Une mission du Fonds monétaire international (FMI) est en séjour à Dakar depuis hier, mardi 19 août, et ce jusqu’au 26 du mois en cours. Cette visite s’inscrit dans un contexte marqué par de vifs débats sur l’orientation des politiques économiques nationales et sur la redéfinition des relations entre l’État et ses partenaires financiers internationaux. À l’issue de cette nouvelle mission, la énième depuis l’avènement du nouveau régime, les Sénégalais seront informés de l’avenir de la coopération financière entre le Sénégal et le FMI.
Dans un communiqué officiel daté du lundi 18 août 2025, le ministère des Finances et du Budget (MFB) a précisé qu’il s’agit d’une staff-visit, autrement dit d’une mission technique de suivi visant à évaluer la trajectoire macroéconomique du pays et à engager un dialogue approfondi avec les autorités nationales sur les grandes orientations budgétaires et financières. Si elle revêt avant tout une dimension technique, cette mission s’inscrit néanmoins dans la continuité d’une relation ancienne – parfois jugée asymétrique – entre le Sénégal et le FMI. Depuis plusieurs décennies, les interventions du Fonds dans la région ouest-africaine se sont révélées déterminantes, qu’il s’agisse de l’accompagnement de programmes d’ajustement structurel, de stabilisation économique ou de réformes institutionnelles. Pour le Sénégal, ces échanges représentent à la fois une opportunité de renforcer la crédibilité de ses politiques publiques et une contrainte qui pèse sur sa souveraineté budgétaire et monétaire.
L’enjeu de cette visite dépasse donc la simple vérification comptable. Elle devrait permettre d’établir un diagnostic concerté de l’exécution budgétaire en cours, de réexaminer les hypothèses macroéconomiques retenues pour l’élaboration de la Loi de finances initiale 2026 et d’évaluer le degré d’avancement des réformes structurelles. Plus encore, elle constitue un moment stratégique de négociation susceptible de déterminer l’avenir de la coopération financière entre le Sénégal et le FMI, notamment en ce qui concerne la conclusion, longtemps attendue, d’un nouveau programme.

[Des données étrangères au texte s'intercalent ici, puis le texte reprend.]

(* If [a (z0) = 0], then [a + e b] (stable, with [(a + e b) (z0) = e b (z0)]) is small
   on the whole segment [z0 + t], [0 <= t <= Im z0], and so is [a]. *)
Lemma pencil_vanish_segment (a b : {poly C}) (eta : R) (z0 : C) : 0 < eta ->
  (forall e, 0 < e -> e < eta ->
     a + (e%:C)%C *: b != 0 /\ forall z, 0 < Im z -> (a + (e%:C)%C *: b).[z] != 0) ->
  a.[z0] = 0 -> forall t : R, 0 <= t -> t <= Im z0 -> a.[z0 + (t%:C)%C] = 0.
Proof.
move=> eta0 Hst az0 t t0 tle; set A := normc a.[z0 + (t%:C)%C].
case: (eqVneq A 0) => [/eq0_normc //|A0].
have Apos : 0 < A by rewrite lt_def A0 normc_ge0.
pose N := (size a + size b)%N.
pose K := normc b.[z0 + (t%:C)%C] + 2 ^+ N * normc b.[z0].
have K0 : 0 <= K by rewrite addr_ge0 ?normc_ge0 // mulr_ge0 ?exprn_ge0 ?normc_ge0.
pose e := Num.min (eta / 2) (A / (2 * (K + 1))).
have he0 : 0 < e by rewrite lt_min !divr_gt0 // mulr_gt0 // ltr_wpDl.
have heta : e < eta.
  have h : e <= eta / 2 by rewrite ge_min lexx.
  by apply: le_lt_trans h _; rewrite ltr_pdivrMr // ltr_pMr // ltr1n.
have hK : e * K < A.
  have : e * (2 * (K + 1)) <= A by rewrite -ler_pdivlMr ?mulr_gt0 ?ltr_wpDl // ge_min lexx orbT.
  nra.
set p := a + (e%:C)%C *: b; have [p0 pv] := Hst e he0 heta.
have ht : normc (t%:C)%C <= Im z0 by rewrite normc_real ger0_norm.
have hb := normc_horner_shift_le p0 pv ht.
have hsz : (size p <= N)%N.
  apply: leq_trans (size_polyD _ _) _; rewrite geq_max leq_addr /=.
  by apply: leq_trans (size_scale_leq _ _) _; rewrite leq_addl.
have pz0 : p.[z0] = (e%:C)%C * b.[z0] by rewrite /p hornerD hornerZ az0 add0r.
have hA : A <= normc p.[z0 + (t%:C)%C] + e * normc b.[z0 + (t%:C)%C].
  rewrite /A; have -> : a.[z0 + (t%:C)%C] = p.[z0 + (t%:C)%C] - (e%:C)%C * b.[z0 + (t%:C)%C].
    by rewrite /p hornerD hornerZ addrK.
  apply: le_trans (le_normcD _ _) _.
  by rewrite normcN normcM normc_real (ger0_norm (ltW he0)).
move: hb; rewrite pz0 normcM normc_real (ger0_norm (ltW he0)) => hb.
have : A <= e * K.
  rewrite /K mulrDr; apply: le_trans hA _; rewrite addrC lerD2l mulrCA.
  apply: le_trans hb _; rewrite ler_wpM2r ?mulr_ge0 ?normc_ge0 ?(ltW he0) //.
  by rewrite ler_eXn2l ?ltr1n.
by rewrite leNgt hK.
Qed.

Lemma hurwitz_pencil (a b : {poly C}) :
  (forall e : R, 0 < e -> a + (e%:C)%C *: b = 0 \/
     forall z, 0 < Im z -> (a + (e%:C)%C *: b).[z] != 0) ->
  a = 0 \/ forall z, 0 < Im z -> a.[z] != 0.
Proof.
move=> H; case: (eqVneq a 0) => [->|a0]; [by left | right].
move=> z0 hz0; apply/negP => /eqP az0.
have [eta eta0 Heta] := pencil_neq0_near0 b a0.
have Hst e : 0 < e -> e < eta ->
    a + (e%:C)%C *: b != 0 /\ forall z, 0 < Im z -> (a + (e%:C)%C *: b).[z] != 0.
  move=> he hlt; split; first exact: Heta.
  by case: (H e he) => // E; move: (Heta e he hlt); rewrite E eqxx.
pose rs := mkseq (fun k => z0 + ((Im z0 / (k.+1)%:R)%:C)%C) (size a).
have hroot : all (root a) rs.
  apply/allP => x /mapP [k _ ->]; apply/eqP; apply: (pencil_vanish_segment eta0 Hst az0).
    by rewrite divr_ge0 // ltW.
  by rewrite ler_pdivrMr ?ltr0Sn //; apply: ler_peMr; [exact: ltW | rewrite ler1n].
have hu : uniq rs.
  apply: mkseq_uniq => i j /addrI /complexI.
  have hz : Im z0 != 0 by rewrite gt_eqF.
  by move/(mulfI hz)/invr_inj/eqP; rewrite eqr_nat eqSS => /eqP.
by have := max_poly_roots a0 hroot hu; rewrite size_mkseq ltnn.
Qed.

End Hurwitz.

Section Sufficiency.
Variables (R : realType) (n : nat) (T : {poly R[i]} -> {poly R[i]}).
Hypothesis HT : linear_on_Cn n T.
Hypothesis Hs : stable2 (Text T (zw_pow R n)).
Local Notation C := R[i].
Local Notation Im := (@complex.Im R).
Local Notation pp bs := (\prod_(b <- bs) ('X - b%:P)).
Local Notation stable_or0 p := (p%R = 0 \/ forall z, 0 < Im z -> p.[z] != 0).

Lemma symbol_at_stable z : 0 < Im z ->
  symbol_at n T z != 0 /\ forall w, 0 < Im w -> (symbol_at n T z).[w] != 0.
Proof.
move=> hz; have hw w : 0 < Im w -> (symbol_at n T z).[w] != 0.
  by move=> hwi; rewrite (horner_symbol_at HT); case: Hs => _; apply.
split; last exact: hw.
by apply: contraTneq (hw _ (Im_i_gt0 R)) => ->; rewrite horner0 eqxx.
Qed.

Lemma T_prod_XsubC_full_neq0 bs : all (fun b => Im b < 0) bs -> size bs = n ->
  forall z, 0 < Im z -> (T (pp bs)).[z] != 0.
Proof.
move=> hall hsz z hz; have [h0 hv] := symbol_at_stable hz.
rewrite (horner_T_apolar HT); last by apply: in_Cn_prod_XsubC; rewrite hsz.
have := @grace_apolar_neq0 _ bs (symbol_at n T z) hall; rewrite hsz; apply => //.
exact: size_poly.
Qed.

(* A real root [r] is the limit of the roots [r - e i] of the lower half-plane. *)
Lemma T_prod_XsubC_real_root bs r : r \in bs -> Im r = 0 -> (size bs <= n)%N ->
  (forall e : R, 0 < e -> stable_or0 (T (pp (r - (e%:C)%C * 'i%C :: rem r bs)))) ->
  stable_or0 (T (pp bs)).
Proof.
move=> hr r0 hsz IH; set q := pp (rem r bs).
have Hpp : pp bs = ('X - r%:P) * q by rewrite (perm_big _ (perm_to_rem hr)) big_cons.
have hq : in_Cn n q.
  by apply: in_Cn_prod_XsubC; rewrite size_rem // (leq_trans (leq_pred _) hsz).
have hpp : in_Cn n (pp bs) by apply: in_Cn_prod_XsubC.
apply: (hurwitz_pencil (b := T ('i%C *: q))) => e he.
rewrite -(linear_CnZ HT _ (in_CnZ _ hq)) -(linear_CnD HT hpp (in_CnZ _ (in_CnZ _ hq))).
suff -> : pp bs + (e%:C)%C *: ('i%C *: q) = pp (r - (e%:C)%C * 'i%C :: rem r bs) by apply: IH.
by rewrite big_cons Hpp scalerA -mul_polyC polyCB opprB -mulrDl addrAC -addrA.
Qed.

(* A missing root is the limit of the roots [- i / e] escaping to infinity. *)
Lemma T_prod_XsubC_low_degree bs : (size bs < n)%N ->
  (forall e : R, 0 < e -> stable_or0 (T (pp ((0 +i* (- e^-1))%C :: bs)))) ->
  stable_or0 (T (pp bs)).
Proof.
move=> hsz IH; have hpp : in_Cn n (pp bs) by apply: in_Cn_prod_XsubC; rewrite ltnW.
have hXpp : in_Cn n ('X * pp bs).
  apply: leq_trans (size_polyMleq _ _) _.
  by rewrite size_prod_XsubC size_polyX addnS; lia.
apply: (hurwitz_pencil (b := T (- 'i%C *: ('X * pp bs)))) => e he.
have e0 : e != 0 by rewrite gt_eqF.
have c0 : - ((e%:C)%C * 'i%C) != 0 :> C.
  by rewrite oppr_eq0 mulf_neq0 ?fmorph_eq0 ?Im_gt0_neq0 ?Im_i_gt0.
have ei : (e%:C)%C * 'i%C * (0 +i* (- e^-1))%C = 1 :> C.
  by apply/eqP; rewrite eq_complex /=; apply/andP; split; apply/eqP; field.
have hXpp' : in_Cn n (pp ((0 +i* (- e^-1))%C :: bs)) by apply: in_Cn_prod_XsubC.
have -> : T (pp bs) + (e%:C)%C *: T (- 'i%C *: ('X * pp bs)) =
    (- ((e%:C)%C * 'i%C)) *: T (pp ((0 +i* (- e^-1))%C :: bs)).
  rewrite -(linear_CnZ HT _ hXpp') -(linear_CnZ HT _ (in_CnZ _ hXpp)).
  rewrite -(linear_CnD HT hpp (in_CnZ _ (in_CnZ _ hXpp))); congr T.
  rewrite big_cons mulrBl scalerBr mul_polyC !scalerA mulNr ei scaleN1r opprK.
  by rewrite mulrN addrC.
case: (IH e he) => [->|hv]; first by left; rewrite scaler0.
by right => z hz; rewrite hornerZ mulf_neq0 ?hv.
Qed.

Après plusieurs mois de pourparlers infructueux, une interrogation centrale demeure : les deux parties parviendront-elles à rapprocher leurs positions et à formaliser un partenariat renouvelé, fondé sur des objectifs communs de stabilité macroéconomique et de croissance durable ? Les discussions en cours devraient apporter des éléments de réponse décisifs.
Toutefois, réduire cette mission à sa seule dimension économique serait une lecture partielle de la situation. Le contexte politique interne lui confère en effet une portée singulière. Le Premier ministre, M. Ousmane Sonko, a exprimé à maintes reprises ses réserves à l’égard du FMI, dénonçant une approche jugée contraignante et affirmant que le Sénégal ne saurait nourrir d’attentes excessives vis-à-vis de cette institution. Ces prises de position traduisent une volonté politique clairement assumée : celle de réorienter la politique économique nationale vers une plus grande autonomie de décision et de redéfinir les termes de la coopération avec les partenaires extérieurs.

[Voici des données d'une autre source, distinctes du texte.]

(* Let $H=(U,(A_1,\dots,A_m))$ be a harmonic set system with $|U|<m(m-2)$ and $m\ge 51$. Then one can partition $U=U^{(1)}\sqcup U^{(2)}$ such that the induced set systems $H^{(i)}=(U^{(i)},(A_1\cap U^{(i)},\dots,A_m\cap U^{(i)}))$, $i=1,2$, are harmonic and satisfy $H^{(1)}_I=H^{(2)}_{\emptyset,I}=\emptyset$ for every nonconsecutive $I\subseteq[m]$ of size $3$.
   Context: For a set system $G=(V,(B_1,\dots,B_m))$ and $I_1,I_2\subseteq[m]$, $G_{I_1,I_2}=\bigcap_{i\in I_1}B_i\cap\bigcap_{i\in I_2}(V\setminus B_i)$ (empty intersection $=V$), $G_I=G_{I,\emptyset}$. The run decomposition of a finite set $I$ of positive integers is the partition of sizes, in nonincreasing order, of the maximal runs of consecutive integers in $I$. $G$ is harmonic if $|G_I|=|G_J|$ whenever $I,J\subseteq[m]$ have the same run decomposition. A set of integers is nonconsecutive if no two distinct elements differ by exactly $1$. *)

From mathcomp Require Import all_boot all_order.
Set Implicit Arguments. Unset Strict Implicit. Unset Printing Implicit Defensive.

(* A set system G = (U, (A_1,...,A_m)) is represented by a ground set
   U : {set T} (T a finType) and A : 'I_m -> {set T}; the ordinal i : 'I_m
   stands for the index (val i).+1 in [m] = {1,...,m}. *)

Definition Gsys (T : finType) (m : nat) (U : {set T}) (A : 'I_m -> {set T})
  (I1 I2 : {set 'I_m}) : {set T} :=
  U :&: (\bigcap_(i in I1) A i) :&: (\bigcap_(i in I2) (U :\: A i)).

Definition idx (m : nat) (I : {set 'I_m}) : seq nat := [seq (val i).+1 | i <- enum I].

Definition run_length (I : seq nat) (x : nat) : nat :=
  find (fun k => x + k \notin I) (iota 0 (size I).+1).

Definition run_start (I : seq nat) (x : nat) : bool :=
  (x \in I) && ~~ ((0 < x) && (x.-1 \in I)).

Definition run_decomp (I : seq nat) : seq nat :=
  sort geq [seq run_length I x | x <- undup I & run_start I x].

Definition harmonic (T : finType) (m : nat) (U : {set T}) (A : 'I_m -> {set T}) : Prop :=
  forall I J : {set 'I_m}, run_decomp (idx I) = run_decomp (idx J) ->
    #|Gsys U A I set0| = #|Gsys U A J set0|.

Definition nonconsecutive (m : nat) (I : {set 'I_m}) : Prop :=
  forall i j, i \in I -> j \in I -> val i <> (val j).+1.

(* Let S y = [set i | y \in A i] be the trace of a point. Harmonicity makes the number of y with
   I \subset S y depend only on #|I| when I is nonconsecutive, so by inclusion-exclusion the number
   of y with S y :&: P = T, for P nonconsecutive and T \subset P, depends only on #|P| and #|T|.
   A trace meeting a nonconsecutive set in three points and missing three others can therefore
   be moved onto the even indices, which would give |U| >= C(m/2, 3) >= m (m - 2). Testing this
   on the even indices, and on a triple together with the even indices far from it, shows that
   every trace or its complement has at most 4 elements and contains no nonconsecutive triple.
   Let U^(1) be the points with small traces. On U^(2) the counts agree with those of U for
   #|I| >= 5, and the alternating sum over any 5-set F vanishes since every trace meets F;
   choosing F far from I, a downward induction on #|I| shows that U^(2), hence also U^(1), is
   harmonic. *)

From mathcomp Require Import all_boot all_order all_algebra.
From mathcomp Require Import zify.
Set Implicit Arguments. Unset Strict Implicit. Unset Printing Implicit Defensive.
Import GRing.Theory Num.Theory.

Ainsi, la mission du FMI à Dakar ne saurait être perçue comme un simple exercice technique. Elle se situe à la croisée des enjeux financiers, politiques et diplomatiques, et pourrait bien constituer un tournant décisif dans la reconfiguration du partenariat entre le Sénégal et l’une des institutions financières internationales les plus influentes.